Saved entries:
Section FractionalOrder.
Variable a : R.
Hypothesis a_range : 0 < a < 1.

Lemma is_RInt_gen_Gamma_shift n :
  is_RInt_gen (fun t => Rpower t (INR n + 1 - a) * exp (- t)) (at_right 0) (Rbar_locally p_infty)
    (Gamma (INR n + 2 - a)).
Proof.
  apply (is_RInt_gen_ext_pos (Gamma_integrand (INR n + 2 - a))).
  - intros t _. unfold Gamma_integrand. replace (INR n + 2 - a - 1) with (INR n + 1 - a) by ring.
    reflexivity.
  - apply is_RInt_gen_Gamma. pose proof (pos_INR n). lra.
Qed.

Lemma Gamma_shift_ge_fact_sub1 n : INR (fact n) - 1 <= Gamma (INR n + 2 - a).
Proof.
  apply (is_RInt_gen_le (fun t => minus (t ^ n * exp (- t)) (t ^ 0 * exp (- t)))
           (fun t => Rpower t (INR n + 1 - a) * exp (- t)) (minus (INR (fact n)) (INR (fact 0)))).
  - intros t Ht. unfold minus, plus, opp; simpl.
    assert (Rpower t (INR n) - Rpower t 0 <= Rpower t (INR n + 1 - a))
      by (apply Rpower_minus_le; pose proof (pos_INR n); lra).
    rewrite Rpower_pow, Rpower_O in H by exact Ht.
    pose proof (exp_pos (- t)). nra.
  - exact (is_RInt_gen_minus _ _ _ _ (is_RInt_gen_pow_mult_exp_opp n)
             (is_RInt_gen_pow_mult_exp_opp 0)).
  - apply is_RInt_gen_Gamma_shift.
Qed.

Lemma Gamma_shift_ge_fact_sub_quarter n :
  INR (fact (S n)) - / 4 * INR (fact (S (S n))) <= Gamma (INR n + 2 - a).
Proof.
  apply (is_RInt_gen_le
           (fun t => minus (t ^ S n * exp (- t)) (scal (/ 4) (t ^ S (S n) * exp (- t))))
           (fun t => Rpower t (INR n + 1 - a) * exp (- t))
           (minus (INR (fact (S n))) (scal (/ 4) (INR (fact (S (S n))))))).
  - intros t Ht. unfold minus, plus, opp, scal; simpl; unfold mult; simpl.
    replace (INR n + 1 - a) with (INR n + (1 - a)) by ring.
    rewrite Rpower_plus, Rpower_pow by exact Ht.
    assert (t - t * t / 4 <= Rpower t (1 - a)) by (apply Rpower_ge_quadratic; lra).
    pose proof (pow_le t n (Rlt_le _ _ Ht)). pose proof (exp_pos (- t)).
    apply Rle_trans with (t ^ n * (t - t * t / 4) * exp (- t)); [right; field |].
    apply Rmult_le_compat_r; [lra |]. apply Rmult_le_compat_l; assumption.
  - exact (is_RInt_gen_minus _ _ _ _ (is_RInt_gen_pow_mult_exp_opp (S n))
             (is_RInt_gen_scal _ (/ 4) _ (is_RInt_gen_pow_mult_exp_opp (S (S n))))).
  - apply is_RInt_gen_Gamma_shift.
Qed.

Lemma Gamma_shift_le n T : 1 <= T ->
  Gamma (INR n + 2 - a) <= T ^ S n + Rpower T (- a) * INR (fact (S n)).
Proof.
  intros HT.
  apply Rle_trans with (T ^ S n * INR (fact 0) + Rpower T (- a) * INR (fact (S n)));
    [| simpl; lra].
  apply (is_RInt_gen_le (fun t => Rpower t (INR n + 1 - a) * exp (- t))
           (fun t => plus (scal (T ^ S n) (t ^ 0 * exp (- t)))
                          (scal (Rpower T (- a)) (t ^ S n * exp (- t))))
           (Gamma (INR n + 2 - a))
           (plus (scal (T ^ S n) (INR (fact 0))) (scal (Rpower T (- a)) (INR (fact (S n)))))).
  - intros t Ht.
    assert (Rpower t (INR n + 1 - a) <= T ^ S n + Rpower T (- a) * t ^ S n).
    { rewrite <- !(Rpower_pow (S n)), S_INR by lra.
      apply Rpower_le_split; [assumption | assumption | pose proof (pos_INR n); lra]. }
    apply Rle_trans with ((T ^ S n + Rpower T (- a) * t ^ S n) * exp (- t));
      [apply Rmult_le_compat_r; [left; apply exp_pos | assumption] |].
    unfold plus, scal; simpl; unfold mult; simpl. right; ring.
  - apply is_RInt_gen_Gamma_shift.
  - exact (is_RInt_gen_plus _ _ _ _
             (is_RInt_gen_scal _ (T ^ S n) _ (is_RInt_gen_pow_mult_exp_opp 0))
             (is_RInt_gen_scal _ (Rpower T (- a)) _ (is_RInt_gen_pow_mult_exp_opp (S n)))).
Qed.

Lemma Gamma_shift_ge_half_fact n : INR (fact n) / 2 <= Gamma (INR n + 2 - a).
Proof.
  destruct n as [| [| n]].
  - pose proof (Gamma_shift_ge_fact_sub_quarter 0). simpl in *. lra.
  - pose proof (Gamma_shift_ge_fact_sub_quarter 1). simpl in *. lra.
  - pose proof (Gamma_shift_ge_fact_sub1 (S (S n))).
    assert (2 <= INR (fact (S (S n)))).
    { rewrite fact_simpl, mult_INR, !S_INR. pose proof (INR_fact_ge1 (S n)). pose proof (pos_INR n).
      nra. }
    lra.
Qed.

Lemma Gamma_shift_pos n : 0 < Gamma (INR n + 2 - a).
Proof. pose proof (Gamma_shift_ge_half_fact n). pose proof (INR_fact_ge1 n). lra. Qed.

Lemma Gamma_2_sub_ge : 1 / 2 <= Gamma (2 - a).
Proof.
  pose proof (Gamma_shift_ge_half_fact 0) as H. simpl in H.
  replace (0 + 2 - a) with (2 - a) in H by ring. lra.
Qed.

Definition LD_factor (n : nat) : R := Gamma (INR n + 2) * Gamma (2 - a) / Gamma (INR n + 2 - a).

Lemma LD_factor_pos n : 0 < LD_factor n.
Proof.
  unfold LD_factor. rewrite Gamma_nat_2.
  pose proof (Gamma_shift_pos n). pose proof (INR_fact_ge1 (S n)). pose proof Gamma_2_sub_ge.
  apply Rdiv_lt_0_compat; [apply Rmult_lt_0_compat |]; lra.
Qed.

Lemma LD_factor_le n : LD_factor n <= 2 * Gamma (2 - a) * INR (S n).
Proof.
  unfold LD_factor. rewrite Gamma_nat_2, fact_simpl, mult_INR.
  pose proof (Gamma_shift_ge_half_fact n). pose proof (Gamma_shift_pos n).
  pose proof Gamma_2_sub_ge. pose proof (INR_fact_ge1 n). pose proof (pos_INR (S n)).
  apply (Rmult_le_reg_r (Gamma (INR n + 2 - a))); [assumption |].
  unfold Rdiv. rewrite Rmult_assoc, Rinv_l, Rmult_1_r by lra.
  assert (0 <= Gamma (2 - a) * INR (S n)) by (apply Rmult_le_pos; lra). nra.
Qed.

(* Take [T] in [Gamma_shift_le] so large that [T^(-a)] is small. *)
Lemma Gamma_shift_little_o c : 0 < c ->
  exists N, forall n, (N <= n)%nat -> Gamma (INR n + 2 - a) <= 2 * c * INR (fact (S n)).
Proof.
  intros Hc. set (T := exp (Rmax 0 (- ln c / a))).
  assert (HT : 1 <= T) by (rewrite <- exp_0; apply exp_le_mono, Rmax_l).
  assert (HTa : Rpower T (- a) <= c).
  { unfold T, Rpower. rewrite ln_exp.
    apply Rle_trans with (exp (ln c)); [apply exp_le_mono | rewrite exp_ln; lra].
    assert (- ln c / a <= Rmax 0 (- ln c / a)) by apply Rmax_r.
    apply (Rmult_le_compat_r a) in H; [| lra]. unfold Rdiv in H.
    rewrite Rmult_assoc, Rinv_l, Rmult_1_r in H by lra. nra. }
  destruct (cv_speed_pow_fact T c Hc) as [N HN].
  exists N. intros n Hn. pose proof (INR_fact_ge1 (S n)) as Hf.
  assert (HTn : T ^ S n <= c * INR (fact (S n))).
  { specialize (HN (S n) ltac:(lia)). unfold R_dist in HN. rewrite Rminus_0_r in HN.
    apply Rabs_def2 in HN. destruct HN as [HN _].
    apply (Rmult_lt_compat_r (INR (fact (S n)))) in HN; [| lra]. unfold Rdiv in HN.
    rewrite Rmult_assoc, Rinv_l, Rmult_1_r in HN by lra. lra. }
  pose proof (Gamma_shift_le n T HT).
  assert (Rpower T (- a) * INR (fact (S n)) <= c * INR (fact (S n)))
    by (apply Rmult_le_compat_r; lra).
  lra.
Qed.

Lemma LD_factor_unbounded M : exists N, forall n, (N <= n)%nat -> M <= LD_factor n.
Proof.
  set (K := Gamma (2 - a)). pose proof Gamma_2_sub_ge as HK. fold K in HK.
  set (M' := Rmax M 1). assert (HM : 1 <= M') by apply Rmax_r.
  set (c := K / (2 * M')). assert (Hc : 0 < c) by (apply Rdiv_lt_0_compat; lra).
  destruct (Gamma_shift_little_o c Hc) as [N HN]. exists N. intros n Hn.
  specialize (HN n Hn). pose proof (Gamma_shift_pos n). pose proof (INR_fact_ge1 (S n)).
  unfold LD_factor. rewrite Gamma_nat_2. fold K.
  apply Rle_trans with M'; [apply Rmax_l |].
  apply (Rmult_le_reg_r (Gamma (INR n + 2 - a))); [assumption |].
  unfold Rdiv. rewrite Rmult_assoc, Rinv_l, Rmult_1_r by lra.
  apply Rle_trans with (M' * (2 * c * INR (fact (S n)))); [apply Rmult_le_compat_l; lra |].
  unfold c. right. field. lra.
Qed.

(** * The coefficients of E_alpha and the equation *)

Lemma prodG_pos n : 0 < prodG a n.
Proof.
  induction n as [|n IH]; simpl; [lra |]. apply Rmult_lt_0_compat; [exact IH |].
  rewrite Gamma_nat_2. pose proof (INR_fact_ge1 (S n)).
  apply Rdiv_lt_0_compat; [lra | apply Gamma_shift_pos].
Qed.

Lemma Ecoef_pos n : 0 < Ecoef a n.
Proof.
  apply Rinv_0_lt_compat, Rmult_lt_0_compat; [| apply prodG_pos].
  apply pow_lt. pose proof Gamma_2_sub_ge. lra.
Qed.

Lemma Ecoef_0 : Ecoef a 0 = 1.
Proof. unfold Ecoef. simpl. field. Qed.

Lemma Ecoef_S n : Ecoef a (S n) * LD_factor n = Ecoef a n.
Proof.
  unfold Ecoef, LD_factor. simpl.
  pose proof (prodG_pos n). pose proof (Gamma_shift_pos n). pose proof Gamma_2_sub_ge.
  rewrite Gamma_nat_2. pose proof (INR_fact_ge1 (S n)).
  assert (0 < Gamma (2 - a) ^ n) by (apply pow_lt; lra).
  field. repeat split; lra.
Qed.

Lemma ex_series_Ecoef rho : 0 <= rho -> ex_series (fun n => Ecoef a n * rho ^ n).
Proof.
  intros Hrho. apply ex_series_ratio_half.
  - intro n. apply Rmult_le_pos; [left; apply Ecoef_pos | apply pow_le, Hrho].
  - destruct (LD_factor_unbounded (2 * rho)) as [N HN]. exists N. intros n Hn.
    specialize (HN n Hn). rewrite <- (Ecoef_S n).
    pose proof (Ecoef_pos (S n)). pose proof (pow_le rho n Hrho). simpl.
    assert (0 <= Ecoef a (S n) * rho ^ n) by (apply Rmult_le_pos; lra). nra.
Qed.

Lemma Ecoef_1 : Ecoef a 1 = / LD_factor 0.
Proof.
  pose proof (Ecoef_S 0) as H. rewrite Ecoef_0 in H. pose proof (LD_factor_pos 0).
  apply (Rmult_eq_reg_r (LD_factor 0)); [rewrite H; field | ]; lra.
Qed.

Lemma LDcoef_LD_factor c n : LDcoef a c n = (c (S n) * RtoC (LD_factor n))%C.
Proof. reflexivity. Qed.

→ Assignment
Every line from the line containing "exists N, forall n, (N <= n)%nat -> Gamma" through the line containing "exists N. intros n Hn. pose" in the records above must be retyped exactly. Leave out the rest.

→ Task response
  exists N, forall n, (N <= n)%nat -> Gamma (INR n + 2 - a) <= 2 * c * INR (fact (S n)).
Proof.
  intros Hc. set (T := exp (Rmax 0 (- ln c / a))).
  assert (HT : 1 <= T) by (rewrite <- exp_0; apply exp_le_mono, Rmax_l).
  assert (HTa : Rpower T (- a) <= c).
  { unfold T, Rpower. rewrite ln_exp.
    apply Rle_trans with (exp (ln c)); [apply exp_le_mono | rewrite exp_ln; lra].
    assert (- ln c / a <= Rmax 0 (- ln c / a)) by apply Rmax_r.
    apply (Rmult_le_compat_r a) in H; [| lra]. unfold Rdiv in H.
    rewrite Rmult_assoc, Rinv_l, Rmult_1_r in H by lra. nra. }
  destruct (cv_speed_pow_fact T c Hc) as [N HN].
  exists N. intros n Hn. pose proof (INR_fact_ge1 (S n)) as Hf.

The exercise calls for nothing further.